The Pediatric Heart Network’s Residual Lesion Score study was designed to test the validity of a quality assessment tool: The Residual Lesion Score. The Residual Lesion Score is a tool that assesses residual cardiac defects after congenital heart surgery based upon echocardiographic criteria that capture the individual components of specific operations. It also includes clinical events such as unplanned re-interventions prior to discharge for major residua in the anatomic areas relevant to the surgical procedure. Reference Nathan, Trachtenberg and Van Rompay1 The previously developed Technical Performance Score Reference Larrazabal, Del Nido and Jenkins2–Reference Nathan and Karamichalis4 was utilised as a template for the development of the Residual Lesion Score modules for the Residual Lesion Score study using RAND Delphi methodology.

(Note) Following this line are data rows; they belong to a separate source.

Lemma is_poly_derive_size g g' M : is_poly_derive g g' ->
  (forall s j, (size (g s j) <= M)%N) -> forall t j, (size (g' t j) <= M)%N.
Proof.
move=> [_ dg] gM t j; apply/leq_sizeP => i Mi.
rewrite -(derive_val (is_derive := dg t j i)) (_ : (fun s => _) = cst 0) ?derive_cst //.
by apply/funext => s; rewrite nth_default // (leq_trans (gM s j)).
Qed.

Lemma is_poly_deriveD g g' h h' : is_poly_derive g g' -> is_poly_derive h h' ->
  is_poly_derive (fun s j => g s j + h s j) (fun t j => g' t j + h' t j).
Proof.
move=> [[Mg gM] dg] [[Mh hM] dh]; split.
  exists (maxn Mg Mh) => s j; apply: leq_trans (size_polyD _ _) _.
  by rewrite geq_max !leq_max gM hM orbT.
move=> t j i; rewrite coefD (funext (fun s => coefD (g s j) (h s j) i)).
exact: is_deriveD (dg t j i) (dh t j i).
Qed.

Lemma is_poly_deriveZ c g g' : is_poly_derive g g' ->
  is_poly_derive (fun s j => c *: g s j) (fun t j => c *: g' t j).
Proof.
move=> [[M gM] dg]; split; first by exists M => s j; rewrite (leq_trans (size_scale_leq _ _)).
move=> t j i; rewrite coefZ (funext (fun s => coefZ c (g s j) i)).
exact: is_deriveZ (dg t j i).
Qed.

Lemma is_poly_deriveM g g' h h' : is_poly_derive g g' -> is_poly_derive h h' ->
  is_poly_derive (fun s j => g s j * h s j)
                 (fun t j => g' t j * h t j + g t j * h' t j).
Proof.
move=> [[Mg gM] dg] [[Mh hM] dh]; split.
  exists (Mg + Mh) => s j; apply: leq_trans (size_polyMleq _ _) _.
  by apply: leq_trans (leq_pred _) _; rewrite leq_add.
move=> t j i; rewrite (funext (fun s => coefM (g s j) (h s j) i)) -fct_sumE.
rewrite coefD !coefM -big_split; apply: is_derive_sum => l /=.
by apply: is_derive_eq; rewrite addrC [_ * (h t j)`__]mulrC.
Qed.

Definition basis_family (j' : 'I_N) (i : nat) : 'I_N -> {poly R} :=
  fun j => (j' == j)%:R *: 'X^i.

Lemma basis_family_expansion (f : 'I_N -> {poly R}) M :
  (forall j, (size (f j) <= M)%N) ->
  f = \sum_(j' < N) \sum_(i < M) (f j')`_i *: basis_family j' i.
Proof.
move=> fM; apply/funext => j; rewrite fct_sumE /=.
under eq_bigr do rewrite fct_sumE /=.
rewrite (bigD1 j) //= [X in _ + X]big1 => [|j' /negPf nj]; last first.
  by apply: big1 => i _; rewrite scalrfctE /basis_family /= nj scale0r scaler0.
under eq_bigr do rewrite scalrfctE /basis_family /= eqxx scale1r.
rewrite addr0 -poly_def; apply/polyP => i; rewrite coef_poly.
by case: ltnP => // Mi; rewrite nth_default // (leq_trans (fM j)).
Qed.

The RAND modified Delphi technique Reference Brook, McCormack, Moore and Seigal5 is used to examine the validity and the feasibility of candidate quality indicators. The nine-point scale has been used for more than two decades at RAND in developing explicit indicators for evaluating appropriateness and quality. Reference Brook, McCormack, Moore and Seigal5 These methods require individuals who rate measures to place them into one of three categories: valid criterion for quality, equivocal criterion for quality, invalid criterion for quality. Each category can be rated on a three-point scale to allow for some variation within category. The scale is ordinal, for example, a 9 is better than an 8. Because quantities (e.g., risk-benefit ratios) are not assigned to each number on the scale, the difference between an 8 and a 9 is not necessarily the same as the difference between a 5 and a 6. Explicit ratings are used because in small groups some members tend to dominate the discussion and this can lead to a skewed or biased decision that is not reflective of the group. Reference McGlynn, Kosecoff, Brook, Goodman and Baratz6
We describe the use of this methodology for the development of the Residual Lesion Score for five common congenital cardiac procedures that are routinely performed in infancy: repair of tetralogy of Fallot with pulmonary stenosis, repair of complete atrioventricular septal defect repair, arterial switch operation with or without ventricular septal defect closure for dextro-transposition of the great arteries, repair of coarctation of aorta or hypoplastic or interrupted aortic arch with ventricular septal defect, and Norwood procedure for single ventricle anatomy.
Methodology
A 11-member expert panel was convened consisting of 6 paediatric cardiac surgeons and 5 paediatric cardiologists from major paediatric centres across North America (cardiac surgeons: Bacha, Gaynor, Kanter, Ohye, Pizarro, Tweddell; cardiologists: Atz, Colan, Schwartz, Shirali, Tani). In addition, two chairpersons (Nathan, Newburger) and a consultant (Gurvitz) were also integral to the process. The consultant was an expert in the RAND Delphi methodology and ensured that the methodology was appropriately followed. The primary objective of the expert panel meeting was to finalise the sub-components of the Residual Lesion Score modules for each of five congenital cardiac operations and produce the ultimate sub-components of the discharge and post cardiopulmonary bypass intraoperative Residual Lesion Score modules.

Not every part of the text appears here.